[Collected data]
Lemma tilted_min_estimate {a F m eps : R} {w vb d : V} :
  0 < m -> `|w - vb| <= eps ->
  a + 2^-1 * m * enorm d ^+ 2 - dotv w d <= F ->
  F + dotv vb d - eps * enorm d <= a ->
  m * enorm d <= 2 * (K + 1) * eps /\
  `|F - a| <= (K * (`|vb| + eps) + eps) * enorm d.
Proof.
move=> m0 wvb up low; set e := enorm d in up low *.
have e0 : 0 <= e := enorm_ge0 d.
have K0 : 0 <= K by [].
have dotv_bound (u : V) (k : R) : `|u| <= k -> `|dotv u d| <= K * k * e.
  move=> uk; apply: le_trans (normr_dotv_le _ _) _.
  by rewrite -!mulrA ler_wpM2l // ler_pM // normr_le_enorm.
have hwv := dotv_bound _ _ wvb; rewrite dotvBl in hwv.
have hw : `|w| <= `|vb| + eps.
  by have := ler_normD vb (w - vb); rewrite addrC subrK; lra.
have hwd := dotv_bound _ _ hw; have hvd := dotv_bound _ _ (lexx `|vb|).
have eps0 : 0 <= eps := le_trans (normr_ge0 _) wvb.
have me2 : 0 <= m * e ^+ 2 by rewrite mulr_ge0 ?sqr_ge0 // ltW.
split.
  have : m * e ^+ 2 <= 2 * (K + 1) * eps * e.
    by have := ler_norm (dotv w d - dotv vb d); lra.
  have [-> _|e_neq0] := eqVneq e 0; first by rewrite mulr0 !mulr_ge0 ?addr_ge0.
  by rewrite expr2 mulrA ler_pM2r // lt_def e_neq0.
have ee : 0 <= eps * e by rewrite mulr_ge0.
have Kee : 0 <= K * eps * e by rewrite !mulr_ge0.
have := ler_norm (dotv w d); have := ler_norm (- dotv vb d); rewrite normrN.
by rewrite ler_norml => *; apply/andP; split; lra.
Qed.

Lemma prox_shift_tilted_minimizer {f : V -> \bar R} {xb vb w : V} {m eps delta r : R} :
  lower_semicontinuous f -> f xb \is a fin_num ->
  (forall y, enorm (y - xb) < delta ->
    (f xb + (dotv vb (y - xb))%:E - (eps * enorm (y - xb))%:E <= f y)%E) ->
  0 < r -> (K + 1) * r < delta -> 0 < m -> 4 * (K + 1) * eps < m * r ->
  `|w - vb| <= eps ->
  exists xs a, [/\ f xs = a%:E, frechet_subdiff (prox_shift f m xb) xs w,
    m * enorm (xs - xb) <= 2 * (K + 1) * eps &
    `|fine (f xb) - a| <= (K * (`|vb| + eps) + eps) * enorm (xs - xb)].
Proof.
(* The last-but-one hypothesis keeps the minimiser at distance < r/2 from xb,
   hence in the interior of B. *)
move=> lf fxb low r0 rdelta m0 mr wvb.
pose B := [set y : V | `|xb - y| <= r].
have Bxb : B xb by rewrite /B /= subrr normr0 ltW.
have Bdelta y : B y -> enorm (y - xb) < delta.
  rewrite /B /= distrC => yr; apply: le_lt_trans (enorm_le_normr _) _.
  by apply: le_lt_trans rdelta; rewrite ler_wpM2l ?addr_ge0.
pose g := tilted (prox_shift f m xb) w xb.
have gNy y : B y -> g y != -oo%E.
  move=> /Bdelta /low; rewrite /g /tilted /prox_shift -(fineK fxb).
  by case: (f y).
have [xs Bxs xs_min] := lower_semicontinuous_compact_min g B (closed_ball_compact xb r)
  (ex_intro _ xb Bxb) (tilted_lsc _ w xb (prox_shift_lsc _ m xb lf)) gNy.
have gxb : g xb = f xb.
  by rewrite /g /tilted /prox_shift subrr enorm0 dotv0r expr0n /= mulr0 adde0 sube0.
have := low xs (Bdelta xs Bxs); have := xs_min xb Bxb.
rewrite gxb /g /tilted /prox_shift -(fineK fxb).
case fxs: (f xs) => [a||] //=; rewrite -!EFinD !lee_fin => xs_le xs_ge.
have [me Fa] := tilted_min_estimate m0 wvb xs_le xs_ge.
have xs_near : `|xb - xs| < r / 2.
  rewrite distrC; apply: le_lt_trans (normr_le_enorm _) _.
  by rewrite -(ltr_pM2l m0); lra.
exists xs, a; split => //.
apply: (@frechet_subdiff_tilted_min _ _ _ _ _ _ (r / 2)); first by rewrite divr_gt0.
  by rewrite /prox_shift fxs.
move=> y yxs; apply: xs_min; rewrite /B /=.
apply: le_trans (ler_distD xs _ _) _.
by rewrite (distrC xs y); have := normr_le_enorm (y - xs); lra.
Qed.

_REQUIRED ACTION_. Search the data for the string "apply" and copy every line where it appears.

_SOLVED PROBLEM_.
  move=> uk; apply: le_trans (normr_dotv_le _ _) _.
by rewrite ler_norml => *; apply/andP; split; lra.
  rewrite /B /= distrC => yr; apply: le_lt_trans (enorm_le_normr _) _.
  by apply: le_lt_trans rdelta; rewrite ler_wpM2l ?addr_ge0.
  rewrite distrC; apply: le_lt_trans (normr_le_enorm _) _.
apply: (@frechet_subdiff_tilted_min _ _ _ _ _ _ (r / 2)); first by rewrite divr_gt0.
move=> y yxs; apply: xs_min; rewrite /B /=.
apply: le_trans (ler_distD xs _ _) _.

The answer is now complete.